### DESCRIPTION OF THE TASK
Supply the number of lines below containing "eexists", nothing else.

(Dataset entries)

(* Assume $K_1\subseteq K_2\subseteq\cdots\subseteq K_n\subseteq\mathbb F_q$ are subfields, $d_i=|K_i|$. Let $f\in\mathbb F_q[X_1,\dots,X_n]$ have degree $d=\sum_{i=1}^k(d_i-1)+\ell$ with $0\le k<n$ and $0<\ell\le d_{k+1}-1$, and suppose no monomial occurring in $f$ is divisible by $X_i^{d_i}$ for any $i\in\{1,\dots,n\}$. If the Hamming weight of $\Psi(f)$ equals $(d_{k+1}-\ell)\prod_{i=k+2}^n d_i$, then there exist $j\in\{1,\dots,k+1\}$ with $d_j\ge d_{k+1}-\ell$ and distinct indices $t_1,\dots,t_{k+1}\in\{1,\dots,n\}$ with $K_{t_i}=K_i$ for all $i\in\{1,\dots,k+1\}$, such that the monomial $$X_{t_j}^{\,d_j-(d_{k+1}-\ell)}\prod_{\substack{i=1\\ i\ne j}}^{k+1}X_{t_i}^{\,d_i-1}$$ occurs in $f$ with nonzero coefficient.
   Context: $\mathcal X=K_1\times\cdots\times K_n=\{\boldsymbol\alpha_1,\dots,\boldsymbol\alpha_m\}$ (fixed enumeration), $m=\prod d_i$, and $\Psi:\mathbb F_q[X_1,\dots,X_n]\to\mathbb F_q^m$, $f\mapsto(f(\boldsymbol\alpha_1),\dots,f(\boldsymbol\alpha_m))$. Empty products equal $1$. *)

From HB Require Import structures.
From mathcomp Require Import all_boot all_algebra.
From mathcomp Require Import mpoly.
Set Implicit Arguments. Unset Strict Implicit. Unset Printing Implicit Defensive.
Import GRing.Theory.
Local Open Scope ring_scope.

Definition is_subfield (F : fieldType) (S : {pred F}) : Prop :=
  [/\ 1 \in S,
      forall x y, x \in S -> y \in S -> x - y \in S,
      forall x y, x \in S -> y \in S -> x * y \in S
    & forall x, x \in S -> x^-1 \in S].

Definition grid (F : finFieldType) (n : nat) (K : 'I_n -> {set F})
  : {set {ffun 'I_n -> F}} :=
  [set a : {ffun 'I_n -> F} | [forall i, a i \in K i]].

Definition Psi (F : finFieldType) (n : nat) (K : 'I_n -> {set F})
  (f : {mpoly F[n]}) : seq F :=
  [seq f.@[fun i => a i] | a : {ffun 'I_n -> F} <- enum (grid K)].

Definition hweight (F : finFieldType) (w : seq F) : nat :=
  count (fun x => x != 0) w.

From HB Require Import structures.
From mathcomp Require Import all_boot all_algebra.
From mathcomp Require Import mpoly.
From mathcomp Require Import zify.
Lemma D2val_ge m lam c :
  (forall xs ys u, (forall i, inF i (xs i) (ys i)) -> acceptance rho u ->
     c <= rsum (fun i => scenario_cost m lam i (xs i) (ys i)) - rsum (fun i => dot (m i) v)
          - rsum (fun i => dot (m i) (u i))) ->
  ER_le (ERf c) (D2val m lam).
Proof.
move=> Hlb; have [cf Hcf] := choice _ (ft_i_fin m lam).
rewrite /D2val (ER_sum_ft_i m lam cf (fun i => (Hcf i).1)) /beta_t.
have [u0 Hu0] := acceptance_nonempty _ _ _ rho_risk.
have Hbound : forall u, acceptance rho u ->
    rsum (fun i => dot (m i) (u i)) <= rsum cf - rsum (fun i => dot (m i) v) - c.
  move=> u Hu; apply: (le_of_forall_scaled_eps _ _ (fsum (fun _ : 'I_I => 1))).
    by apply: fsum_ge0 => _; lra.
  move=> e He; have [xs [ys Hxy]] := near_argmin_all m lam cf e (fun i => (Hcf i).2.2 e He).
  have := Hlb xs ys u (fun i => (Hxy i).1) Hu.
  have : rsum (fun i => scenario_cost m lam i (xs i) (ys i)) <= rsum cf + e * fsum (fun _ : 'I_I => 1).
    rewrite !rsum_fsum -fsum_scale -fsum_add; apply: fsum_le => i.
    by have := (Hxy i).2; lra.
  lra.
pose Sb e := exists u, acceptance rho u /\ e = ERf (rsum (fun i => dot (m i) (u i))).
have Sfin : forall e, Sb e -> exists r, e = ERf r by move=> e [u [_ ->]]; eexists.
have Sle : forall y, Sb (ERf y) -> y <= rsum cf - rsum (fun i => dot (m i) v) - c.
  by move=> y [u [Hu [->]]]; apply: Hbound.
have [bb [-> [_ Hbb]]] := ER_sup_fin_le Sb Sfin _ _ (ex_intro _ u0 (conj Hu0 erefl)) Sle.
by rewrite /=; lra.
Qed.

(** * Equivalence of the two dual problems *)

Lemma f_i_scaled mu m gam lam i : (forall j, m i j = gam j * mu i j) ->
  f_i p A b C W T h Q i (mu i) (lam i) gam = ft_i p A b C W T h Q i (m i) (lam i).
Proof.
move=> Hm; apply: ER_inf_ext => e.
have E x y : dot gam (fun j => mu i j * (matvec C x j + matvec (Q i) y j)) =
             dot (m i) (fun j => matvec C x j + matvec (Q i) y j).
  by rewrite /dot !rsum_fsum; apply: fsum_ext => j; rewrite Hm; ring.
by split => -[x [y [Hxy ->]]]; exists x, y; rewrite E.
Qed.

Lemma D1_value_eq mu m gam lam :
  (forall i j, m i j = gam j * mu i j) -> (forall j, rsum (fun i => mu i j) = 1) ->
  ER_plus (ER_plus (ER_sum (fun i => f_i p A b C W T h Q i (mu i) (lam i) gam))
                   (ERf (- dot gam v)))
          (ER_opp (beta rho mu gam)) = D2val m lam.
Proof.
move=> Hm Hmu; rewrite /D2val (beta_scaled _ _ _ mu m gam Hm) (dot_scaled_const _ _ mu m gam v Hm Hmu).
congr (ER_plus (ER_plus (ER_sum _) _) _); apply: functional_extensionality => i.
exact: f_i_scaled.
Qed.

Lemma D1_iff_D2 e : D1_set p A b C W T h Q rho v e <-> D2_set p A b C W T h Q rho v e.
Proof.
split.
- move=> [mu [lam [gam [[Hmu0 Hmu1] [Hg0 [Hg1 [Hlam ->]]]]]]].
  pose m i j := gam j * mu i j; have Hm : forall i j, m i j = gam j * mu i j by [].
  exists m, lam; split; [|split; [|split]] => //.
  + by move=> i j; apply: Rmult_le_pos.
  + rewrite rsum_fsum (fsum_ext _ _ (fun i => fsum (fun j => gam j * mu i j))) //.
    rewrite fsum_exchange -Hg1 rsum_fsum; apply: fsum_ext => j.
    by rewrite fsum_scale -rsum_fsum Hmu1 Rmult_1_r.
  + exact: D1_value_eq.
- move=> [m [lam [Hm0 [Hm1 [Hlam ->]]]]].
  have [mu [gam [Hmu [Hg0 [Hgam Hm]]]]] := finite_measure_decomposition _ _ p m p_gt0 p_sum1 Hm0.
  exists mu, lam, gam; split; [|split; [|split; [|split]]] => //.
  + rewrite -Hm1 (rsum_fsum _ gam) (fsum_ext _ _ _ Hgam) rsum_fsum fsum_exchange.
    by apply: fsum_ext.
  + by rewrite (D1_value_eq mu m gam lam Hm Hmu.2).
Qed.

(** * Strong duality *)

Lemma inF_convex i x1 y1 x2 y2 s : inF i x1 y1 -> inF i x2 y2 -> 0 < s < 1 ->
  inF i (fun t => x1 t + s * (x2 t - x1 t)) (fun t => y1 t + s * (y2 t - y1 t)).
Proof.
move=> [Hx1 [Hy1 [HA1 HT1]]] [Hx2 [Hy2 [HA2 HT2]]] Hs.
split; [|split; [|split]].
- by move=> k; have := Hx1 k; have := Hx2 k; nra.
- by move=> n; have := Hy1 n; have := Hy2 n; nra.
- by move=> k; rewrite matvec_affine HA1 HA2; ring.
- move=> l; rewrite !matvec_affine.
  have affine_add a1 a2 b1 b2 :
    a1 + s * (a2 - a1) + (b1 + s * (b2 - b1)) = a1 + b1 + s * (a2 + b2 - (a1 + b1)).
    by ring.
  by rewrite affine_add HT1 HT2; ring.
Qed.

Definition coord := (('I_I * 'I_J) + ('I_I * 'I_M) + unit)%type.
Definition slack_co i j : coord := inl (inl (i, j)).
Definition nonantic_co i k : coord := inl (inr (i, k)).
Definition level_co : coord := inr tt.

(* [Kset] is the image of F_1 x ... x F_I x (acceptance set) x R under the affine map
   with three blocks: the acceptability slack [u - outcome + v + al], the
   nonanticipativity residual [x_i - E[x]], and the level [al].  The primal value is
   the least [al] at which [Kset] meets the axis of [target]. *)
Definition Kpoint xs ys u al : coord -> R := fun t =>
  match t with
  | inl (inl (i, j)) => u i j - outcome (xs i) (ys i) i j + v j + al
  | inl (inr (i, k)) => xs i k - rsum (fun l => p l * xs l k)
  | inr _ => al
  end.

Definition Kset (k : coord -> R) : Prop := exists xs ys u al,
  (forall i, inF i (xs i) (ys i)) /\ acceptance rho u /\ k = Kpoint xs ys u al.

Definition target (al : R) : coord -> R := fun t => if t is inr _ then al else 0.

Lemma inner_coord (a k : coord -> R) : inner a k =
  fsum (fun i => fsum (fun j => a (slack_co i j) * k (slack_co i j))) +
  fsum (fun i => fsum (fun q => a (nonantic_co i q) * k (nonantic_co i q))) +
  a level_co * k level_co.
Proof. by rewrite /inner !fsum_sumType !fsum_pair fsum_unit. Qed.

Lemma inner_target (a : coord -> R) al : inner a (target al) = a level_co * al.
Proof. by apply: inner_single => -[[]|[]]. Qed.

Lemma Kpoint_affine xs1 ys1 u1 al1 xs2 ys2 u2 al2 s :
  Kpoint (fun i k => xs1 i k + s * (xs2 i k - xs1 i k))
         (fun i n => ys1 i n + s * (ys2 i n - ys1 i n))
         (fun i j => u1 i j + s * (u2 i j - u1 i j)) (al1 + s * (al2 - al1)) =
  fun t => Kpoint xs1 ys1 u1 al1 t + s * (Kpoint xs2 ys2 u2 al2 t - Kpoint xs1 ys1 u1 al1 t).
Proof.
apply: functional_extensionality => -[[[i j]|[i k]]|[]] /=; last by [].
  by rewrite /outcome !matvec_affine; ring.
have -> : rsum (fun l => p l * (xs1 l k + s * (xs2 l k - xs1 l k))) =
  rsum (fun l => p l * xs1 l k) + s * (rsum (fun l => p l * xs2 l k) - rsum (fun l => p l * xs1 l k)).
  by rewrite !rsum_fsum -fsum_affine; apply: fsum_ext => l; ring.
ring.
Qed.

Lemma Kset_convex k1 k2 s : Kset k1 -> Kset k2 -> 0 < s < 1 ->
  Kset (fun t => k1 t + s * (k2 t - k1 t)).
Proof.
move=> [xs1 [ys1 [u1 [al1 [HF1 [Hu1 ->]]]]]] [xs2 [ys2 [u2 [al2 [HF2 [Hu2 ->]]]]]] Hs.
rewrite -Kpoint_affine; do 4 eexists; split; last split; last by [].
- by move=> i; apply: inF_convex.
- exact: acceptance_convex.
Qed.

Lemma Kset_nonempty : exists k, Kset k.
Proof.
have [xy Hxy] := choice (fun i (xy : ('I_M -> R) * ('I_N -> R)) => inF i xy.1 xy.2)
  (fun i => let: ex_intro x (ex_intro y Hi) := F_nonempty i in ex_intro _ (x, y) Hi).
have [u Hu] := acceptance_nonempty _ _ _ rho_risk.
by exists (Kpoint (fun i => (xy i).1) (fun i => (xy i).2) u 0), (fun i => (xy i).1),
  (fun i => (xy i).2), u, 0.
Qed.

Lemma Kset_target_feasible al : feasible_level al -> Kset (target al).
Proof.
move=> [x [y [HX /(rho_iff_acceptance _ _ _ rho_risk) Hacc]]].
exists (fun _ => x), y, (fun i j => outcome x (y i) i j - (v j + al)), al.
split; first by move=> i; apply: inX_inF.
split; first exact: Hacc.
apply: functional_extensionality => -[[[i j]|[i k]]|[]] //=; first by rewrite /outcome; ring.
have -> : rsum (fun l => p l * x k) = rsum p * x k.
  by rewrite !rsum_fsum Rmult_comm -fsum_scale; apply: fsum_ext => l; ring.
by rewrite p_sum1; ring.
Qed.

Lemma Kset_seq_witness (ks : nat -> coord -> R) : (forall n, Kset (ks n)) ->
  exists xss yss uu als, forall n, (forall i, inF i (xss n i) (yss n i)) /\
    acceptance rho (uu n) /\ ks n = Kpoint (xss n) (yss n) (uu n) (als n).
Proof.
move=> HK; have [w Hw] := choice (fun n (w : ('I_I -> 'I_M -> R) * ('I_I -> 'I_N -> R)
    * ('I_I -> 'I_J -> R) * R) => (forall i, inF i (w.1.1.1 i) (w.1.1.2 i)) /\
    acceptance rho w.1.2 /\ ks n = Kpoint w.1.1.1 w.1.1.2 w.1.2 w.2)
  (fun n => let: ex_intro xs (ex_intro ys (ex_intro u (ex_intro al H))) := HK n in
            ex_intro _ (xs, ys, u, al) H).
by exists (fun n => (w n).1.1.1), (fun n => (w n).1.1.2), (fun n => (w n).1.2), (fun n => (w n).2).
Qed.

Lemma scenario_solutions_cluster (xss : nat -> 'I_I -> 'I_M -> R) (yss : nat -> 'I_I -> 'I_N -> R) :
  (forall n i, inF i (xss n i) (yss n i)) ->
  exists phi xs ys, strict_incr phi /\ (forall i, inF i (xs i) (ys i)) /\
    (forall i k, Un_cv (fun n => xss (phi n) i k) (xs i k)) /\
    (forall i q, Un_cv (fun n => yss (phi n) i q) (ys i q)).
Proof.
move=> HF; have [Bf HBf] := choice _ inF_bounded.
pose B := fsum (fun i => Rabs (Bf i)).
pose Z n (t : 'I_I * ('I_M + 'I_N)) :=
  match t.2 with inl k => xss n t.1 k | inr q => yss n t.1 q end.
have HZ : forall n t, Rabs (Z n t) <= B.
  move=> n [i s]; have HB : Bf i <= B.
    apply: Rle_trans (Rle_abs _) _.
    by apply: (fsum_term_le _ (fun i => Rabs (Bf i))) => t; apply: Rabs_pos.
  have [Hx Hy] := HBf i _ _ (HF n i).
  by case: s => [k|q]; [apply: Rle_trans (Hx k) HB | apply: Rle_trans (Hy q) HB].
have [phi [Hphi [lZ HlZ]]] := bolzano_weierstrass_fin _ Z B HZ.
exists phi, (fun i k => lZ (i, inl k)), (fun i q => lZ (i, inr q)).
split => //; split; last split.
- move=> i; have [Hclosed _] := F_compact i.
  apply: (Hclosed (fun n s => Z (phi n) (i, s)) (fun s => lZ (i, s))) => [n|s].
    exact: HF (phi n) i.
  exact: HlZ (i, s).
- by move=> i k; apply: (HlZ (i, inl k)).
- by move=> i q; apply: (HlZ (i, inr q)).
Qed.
---
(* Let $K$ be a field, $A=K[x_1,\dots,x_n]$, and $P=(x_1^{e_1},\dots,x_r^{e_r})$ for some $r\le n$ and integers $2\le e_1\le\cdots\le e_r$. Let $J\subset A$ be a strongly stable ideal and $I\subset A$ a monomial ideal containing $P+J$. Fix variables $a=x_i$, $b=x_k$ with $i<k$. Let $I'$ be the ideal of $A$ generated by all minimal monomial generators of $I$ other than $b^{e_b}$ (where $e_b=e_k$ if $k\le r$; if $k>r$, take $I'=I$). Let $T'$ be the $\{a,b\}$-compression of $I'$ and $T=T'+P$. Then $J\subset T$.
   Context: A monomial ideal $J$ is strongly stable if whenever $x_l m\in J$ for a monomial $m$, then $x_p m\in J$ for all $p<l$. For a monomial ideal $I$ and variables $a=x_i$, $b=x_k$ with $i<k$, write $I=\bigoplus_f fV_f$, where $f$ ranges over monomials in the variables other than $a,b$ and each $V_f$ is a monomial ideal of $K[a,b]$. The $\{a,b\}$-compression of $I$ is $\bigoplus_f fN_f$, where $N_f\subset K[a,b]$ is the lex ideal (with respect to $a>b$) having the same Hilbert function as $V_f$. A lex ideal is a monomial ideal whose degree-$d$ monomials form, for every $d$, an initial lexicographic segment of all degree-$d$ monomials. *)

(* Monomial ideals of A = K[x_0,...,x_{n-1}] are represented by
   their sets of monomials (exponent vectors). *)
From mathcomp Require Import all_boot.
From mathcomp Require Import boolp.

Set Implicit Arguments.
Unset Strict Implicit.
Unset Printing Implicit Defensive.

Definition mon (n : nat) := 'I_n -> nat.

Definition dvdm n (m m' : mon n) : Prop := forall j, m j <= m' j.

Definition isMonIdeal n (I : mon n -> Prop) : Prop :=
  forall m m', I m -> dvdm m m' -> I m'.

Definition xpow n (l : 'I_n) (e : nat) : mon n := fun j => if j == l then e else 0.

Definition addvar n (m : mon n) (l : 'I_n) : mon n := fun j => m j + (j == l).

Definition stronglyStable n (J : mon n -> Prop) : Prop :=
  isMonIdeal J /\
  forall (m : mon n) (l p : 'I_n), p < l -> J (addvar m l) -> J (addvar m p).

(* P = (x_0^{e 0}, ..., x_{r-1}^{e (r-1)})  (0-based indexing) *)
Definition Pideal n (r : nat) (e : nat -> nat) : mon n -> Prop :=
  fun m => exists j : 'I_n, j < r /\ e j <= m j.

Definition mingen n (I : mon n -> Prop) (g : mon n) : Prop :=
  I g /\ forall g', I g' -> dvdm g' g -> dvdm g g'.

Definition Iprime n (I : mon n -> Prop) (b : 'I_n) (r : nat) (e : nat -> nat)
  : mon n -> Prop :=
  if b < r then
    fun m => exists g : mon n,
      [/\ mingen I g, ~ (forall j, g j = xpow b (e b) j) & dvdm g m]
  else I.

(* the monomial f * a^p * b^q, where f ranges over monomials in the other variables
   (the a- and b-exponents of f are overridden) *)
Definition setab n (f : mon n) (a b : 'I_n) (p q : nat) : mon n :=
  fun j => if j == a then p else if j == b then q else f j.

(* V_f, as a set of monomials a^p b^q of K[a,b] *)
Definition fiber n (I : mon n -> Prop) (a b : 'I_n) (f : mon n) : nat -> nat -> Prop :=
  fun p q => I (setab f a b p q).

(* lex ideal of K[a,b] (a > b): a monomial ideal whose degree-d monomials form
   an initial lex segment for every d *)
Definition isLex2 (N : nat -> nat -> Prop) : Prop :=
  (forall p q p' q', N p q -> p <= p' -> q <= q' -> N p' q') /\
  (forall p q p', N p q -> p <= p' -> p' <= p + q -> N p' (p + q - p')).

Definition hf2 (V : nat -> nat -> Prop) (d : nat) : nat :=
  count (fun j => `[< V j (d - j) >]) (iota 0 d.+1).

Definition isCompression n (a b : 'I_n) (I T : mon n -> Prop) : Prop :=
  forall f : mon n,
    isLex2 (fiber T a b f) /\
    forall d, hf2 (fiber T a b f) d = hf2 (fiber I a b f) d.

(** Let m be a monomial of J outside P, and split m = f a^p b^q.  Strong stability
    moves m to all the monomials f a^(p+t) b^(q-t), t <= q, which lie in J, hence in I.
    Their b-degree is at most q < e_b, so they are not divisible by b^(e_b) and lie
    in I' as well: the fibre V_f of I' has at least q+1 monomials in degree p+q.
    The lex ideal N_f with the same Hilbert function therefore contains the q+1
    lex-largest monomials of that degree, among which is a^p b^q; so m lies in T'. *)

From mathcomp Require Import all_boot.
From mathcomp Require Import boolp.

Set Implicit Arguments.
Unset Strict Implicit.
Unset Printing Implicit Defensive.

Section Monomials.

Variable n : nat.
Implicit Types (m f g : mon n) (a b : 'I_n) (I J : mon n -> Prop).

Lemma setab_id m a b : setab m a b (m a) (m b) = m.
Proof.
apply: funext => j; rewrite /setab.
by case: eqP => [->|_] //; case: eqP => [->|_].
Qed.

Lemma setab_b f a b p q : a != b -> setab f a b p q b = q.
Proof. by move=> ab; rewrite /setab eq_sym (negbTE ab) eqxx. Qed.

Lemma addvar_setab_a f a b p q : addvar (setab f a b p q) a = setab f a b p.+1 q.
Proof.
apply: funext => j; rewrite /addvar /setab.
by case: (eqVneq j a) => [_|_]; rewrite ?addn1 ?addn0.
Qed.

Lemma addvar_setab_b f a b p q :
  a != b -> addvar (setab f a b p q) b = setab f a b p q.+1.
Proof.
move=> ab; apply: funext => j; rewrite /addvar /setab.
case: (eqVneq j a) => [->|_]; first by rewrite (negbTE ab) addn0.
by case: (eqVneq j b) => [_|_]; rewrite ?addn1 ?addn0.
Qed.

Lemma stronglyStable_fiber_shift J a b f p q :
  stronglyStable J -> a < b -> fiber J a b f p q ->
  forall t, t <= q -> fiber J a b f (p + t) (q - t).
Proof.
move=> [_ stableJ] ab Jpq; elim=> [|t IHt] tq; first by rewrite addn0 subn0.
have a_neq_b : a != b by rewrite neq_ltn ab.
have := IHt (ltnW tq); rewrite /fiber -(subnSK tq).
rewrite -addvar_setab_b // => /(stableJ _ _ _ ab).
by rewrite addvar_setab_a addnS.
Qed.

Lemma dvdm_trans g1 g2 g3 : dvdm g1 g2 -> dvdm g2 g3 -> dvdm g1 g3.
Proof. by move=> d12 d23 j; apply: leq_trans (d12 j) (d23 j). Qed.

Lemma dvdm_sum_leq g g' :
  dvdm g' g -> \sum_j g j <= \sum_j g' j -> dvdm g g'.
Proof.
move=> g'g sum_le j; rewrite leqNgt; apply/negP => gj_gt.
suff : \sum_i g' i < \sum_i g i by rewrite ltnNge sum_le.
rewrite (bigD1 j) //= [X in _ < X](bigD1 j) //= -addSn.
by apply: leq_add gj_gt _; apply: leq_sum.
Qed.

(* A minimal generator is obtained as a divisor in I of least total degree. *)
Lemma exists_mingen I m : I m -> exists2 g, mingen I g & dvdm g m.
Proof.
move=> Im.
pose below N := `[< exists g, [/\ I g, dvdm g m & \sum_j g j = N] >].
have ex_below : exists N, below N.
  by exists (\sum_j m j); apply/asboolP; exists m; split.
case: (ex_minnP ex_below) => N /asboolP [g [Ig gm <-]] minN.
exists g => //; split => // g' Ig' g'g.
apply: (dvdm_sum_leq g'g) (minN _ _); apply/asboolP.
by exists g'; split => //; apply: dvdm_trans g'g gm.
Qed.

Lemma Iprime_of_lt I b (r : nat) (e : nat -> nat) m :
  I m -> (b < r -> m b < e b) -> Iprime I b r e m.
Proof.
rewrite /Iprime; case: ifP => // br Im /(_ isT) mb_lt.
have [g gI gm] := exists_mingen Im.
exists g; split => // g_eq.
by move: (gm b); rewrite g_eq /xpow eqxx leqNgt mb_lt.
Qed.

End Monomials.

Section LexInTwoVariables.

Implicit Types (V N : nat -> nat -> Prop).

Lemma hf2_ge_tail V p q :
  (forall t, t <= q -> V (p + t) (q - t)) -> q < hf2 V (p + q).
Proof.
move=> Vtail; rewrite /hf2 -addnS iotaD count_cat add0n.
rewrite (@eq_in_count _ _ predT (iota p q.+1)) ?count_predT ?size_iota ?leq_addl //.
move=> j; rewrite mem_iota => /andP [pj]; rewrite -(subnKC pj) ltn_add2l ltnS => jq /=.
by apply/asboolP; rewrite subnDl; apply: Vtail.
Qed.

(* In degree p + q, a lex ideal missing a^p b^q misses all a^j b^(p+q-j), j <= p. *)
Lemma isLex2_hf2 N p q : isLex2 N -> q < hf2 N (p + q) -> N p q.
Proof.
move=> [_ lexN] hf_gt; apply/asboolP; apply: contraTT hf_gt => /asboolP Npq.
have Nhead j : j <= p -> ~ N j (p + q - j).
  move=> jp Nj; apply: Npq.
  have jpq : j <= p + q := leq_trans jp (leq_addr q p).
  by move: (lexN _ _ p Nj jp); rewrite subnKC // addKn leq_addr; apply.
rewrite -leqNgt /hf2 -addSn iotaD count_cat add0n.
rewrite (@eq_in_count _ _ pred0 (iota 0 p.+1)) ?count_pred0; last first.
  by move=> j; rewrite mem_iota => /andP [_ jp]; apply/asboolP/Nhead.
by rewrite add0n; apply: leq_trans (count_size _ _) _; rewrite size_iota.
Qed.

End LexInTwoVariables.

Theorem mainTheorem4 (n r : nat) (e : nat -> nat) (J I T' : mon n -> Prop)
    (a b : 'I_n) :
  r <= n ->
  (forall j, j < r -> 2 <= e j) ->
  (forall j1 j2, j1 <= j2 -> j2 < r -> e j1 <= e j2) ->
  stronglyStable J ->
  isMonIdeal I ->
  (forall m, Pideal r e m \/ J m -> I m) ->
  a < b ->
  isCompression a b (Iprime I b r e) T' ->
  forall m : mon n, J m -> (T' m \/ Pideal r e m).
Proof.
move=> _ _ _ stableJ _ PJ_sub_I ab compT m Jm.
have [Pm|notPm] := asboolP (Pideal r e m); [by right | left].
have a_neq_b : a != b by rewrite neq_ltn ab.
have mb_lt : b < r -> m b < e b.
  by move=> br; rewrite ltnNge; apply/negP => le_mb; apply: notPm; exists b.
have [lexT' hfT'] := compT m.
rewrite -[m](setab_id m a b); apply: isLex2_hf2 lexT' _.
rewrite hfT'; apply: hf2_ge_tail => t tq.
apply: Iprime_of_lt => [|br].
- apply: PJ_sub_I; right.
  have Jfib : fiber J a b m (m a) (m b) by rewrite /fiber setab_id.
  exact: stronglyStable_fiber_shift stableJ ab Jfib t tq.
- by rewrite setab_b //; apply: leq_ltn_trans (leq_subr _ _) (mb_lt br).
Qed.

### RESPONSE TO THE EXERCISE
2